What you need to do
Look through the records and copy each line with the string "lamnorm" in it.

(Stored items)
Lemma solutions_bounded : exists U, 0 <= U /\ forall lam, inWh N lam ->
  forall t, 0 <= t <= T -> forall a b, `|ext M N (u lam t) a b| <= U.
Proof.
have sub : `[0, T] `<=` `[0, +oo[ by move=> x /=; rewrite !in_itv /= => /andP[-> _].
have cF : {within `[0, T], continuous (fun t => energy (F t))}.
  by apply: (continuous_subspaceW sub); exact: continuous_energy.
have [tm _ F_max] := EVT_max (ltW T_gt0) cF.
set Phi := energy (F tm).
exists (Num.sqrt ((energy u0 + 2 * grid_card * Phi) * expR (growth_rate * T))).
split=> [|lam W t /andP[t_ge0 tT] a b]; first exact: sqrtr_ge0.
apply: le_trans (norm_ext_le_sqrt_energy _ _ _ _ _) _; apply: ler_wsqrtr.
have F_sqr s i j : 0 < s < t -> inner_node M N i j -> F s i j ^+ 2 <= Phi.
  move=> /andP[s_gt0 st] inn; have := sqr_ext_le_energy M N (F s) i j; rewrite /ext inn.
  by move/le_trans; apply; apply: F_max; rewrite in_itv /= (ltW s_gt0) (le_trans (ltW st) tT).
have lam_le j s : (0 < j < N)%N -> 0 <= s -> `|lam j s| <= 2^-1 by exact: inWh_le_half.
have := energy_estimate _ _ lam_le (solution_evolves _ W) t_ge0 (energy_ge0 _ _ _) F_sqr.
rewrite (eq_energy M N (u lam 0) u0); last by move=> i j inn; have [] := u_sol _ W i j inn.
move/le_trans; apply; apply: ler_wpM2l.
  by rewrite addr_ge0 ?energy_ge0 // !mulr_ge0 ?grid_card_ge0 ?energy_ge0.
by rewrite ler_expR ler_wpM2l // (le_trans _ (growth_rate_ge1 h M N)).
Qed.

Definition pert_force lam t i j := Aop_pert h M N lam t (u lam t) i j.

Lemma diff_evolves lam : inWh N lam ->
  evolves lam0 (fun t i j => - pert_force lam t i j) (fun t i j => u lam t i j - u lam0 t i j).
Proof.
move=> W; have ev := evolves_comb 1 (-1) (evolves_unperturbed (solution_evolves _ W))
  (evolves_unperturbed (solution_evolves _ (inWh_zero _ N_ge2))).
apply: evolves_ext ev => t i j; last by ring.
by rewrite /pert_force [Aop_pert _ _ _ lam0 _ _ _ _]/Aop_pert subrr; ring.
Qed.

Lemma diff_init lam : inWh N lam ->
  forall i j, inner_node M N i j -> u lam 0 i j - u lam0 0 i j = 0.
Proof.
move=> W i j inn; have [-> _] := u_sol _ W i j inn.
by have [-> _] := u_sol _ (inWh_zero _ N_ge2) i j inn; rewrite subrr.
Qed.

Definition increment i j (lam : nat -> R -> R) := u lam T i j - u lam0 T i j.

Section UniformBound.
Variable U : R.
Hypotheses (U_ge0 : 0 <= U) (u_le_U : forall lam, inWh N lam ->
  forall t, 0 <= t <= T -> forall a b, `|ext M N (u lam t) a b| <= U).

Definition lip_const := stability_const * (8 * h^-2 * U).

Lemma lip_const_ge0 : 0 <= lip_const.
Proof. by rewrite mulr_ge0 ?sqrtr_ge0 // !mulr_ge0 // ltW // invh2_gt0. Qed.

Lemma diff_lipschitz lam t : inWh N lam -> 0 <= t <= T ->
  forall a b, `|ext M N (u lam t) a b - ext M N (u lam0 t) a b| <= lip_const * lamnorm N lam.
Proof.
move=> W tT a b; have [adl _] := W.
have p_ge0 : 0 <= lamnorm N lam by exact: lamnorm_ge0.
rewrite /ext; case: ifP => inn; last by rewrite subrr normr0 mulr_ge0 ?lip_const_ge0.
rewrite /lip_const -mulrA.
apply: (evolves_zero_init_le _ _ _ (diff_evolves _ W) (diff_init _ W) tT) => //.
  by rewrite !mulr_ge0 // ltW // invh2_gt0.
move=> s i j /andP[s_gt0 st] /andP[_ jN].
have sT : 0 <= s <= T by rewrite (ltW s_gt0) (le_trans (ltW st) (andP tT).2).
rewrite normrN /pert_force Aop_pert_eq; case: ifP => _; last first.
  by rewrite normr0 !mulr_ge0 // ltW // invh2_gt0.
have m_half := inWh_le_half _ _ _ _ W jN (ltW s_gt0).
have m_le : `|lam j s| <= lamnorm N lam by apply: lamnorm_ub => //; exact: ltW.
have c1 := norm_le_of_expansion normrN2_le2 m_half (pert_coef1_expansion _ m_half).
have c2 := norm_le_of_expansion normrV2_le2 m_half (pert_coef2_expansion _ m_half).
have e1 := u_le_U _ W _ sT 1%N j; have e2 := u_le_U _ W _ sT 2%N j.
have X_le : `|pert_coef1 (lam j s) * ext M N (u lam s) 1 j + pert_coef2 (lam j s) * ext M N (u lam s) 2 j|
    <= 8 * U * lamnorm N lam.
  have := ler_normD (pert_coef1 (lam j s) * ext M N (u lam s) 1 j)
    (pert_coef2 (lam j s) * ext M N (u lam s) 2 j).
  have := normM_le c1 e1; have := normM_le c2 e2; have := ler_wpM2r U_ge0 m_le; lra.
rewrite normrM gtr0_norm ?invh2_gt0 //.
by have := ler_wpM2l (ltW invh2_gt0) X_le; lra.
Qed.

Result for this task
  forall a b, `|ext M N (u lam t) a b - ext M N (u lam0 t) a b| <= lip_const * lamnorm N lam.
have p_ge0 : 0 <= lamnorm N lam by exact: lamnorm_ge0.
have m_le : `|lam j s| <= lamnorm N lam by apply: lamnorm_ub => //; exact: ltW.
    <= 8 * U * lamnorm N lam.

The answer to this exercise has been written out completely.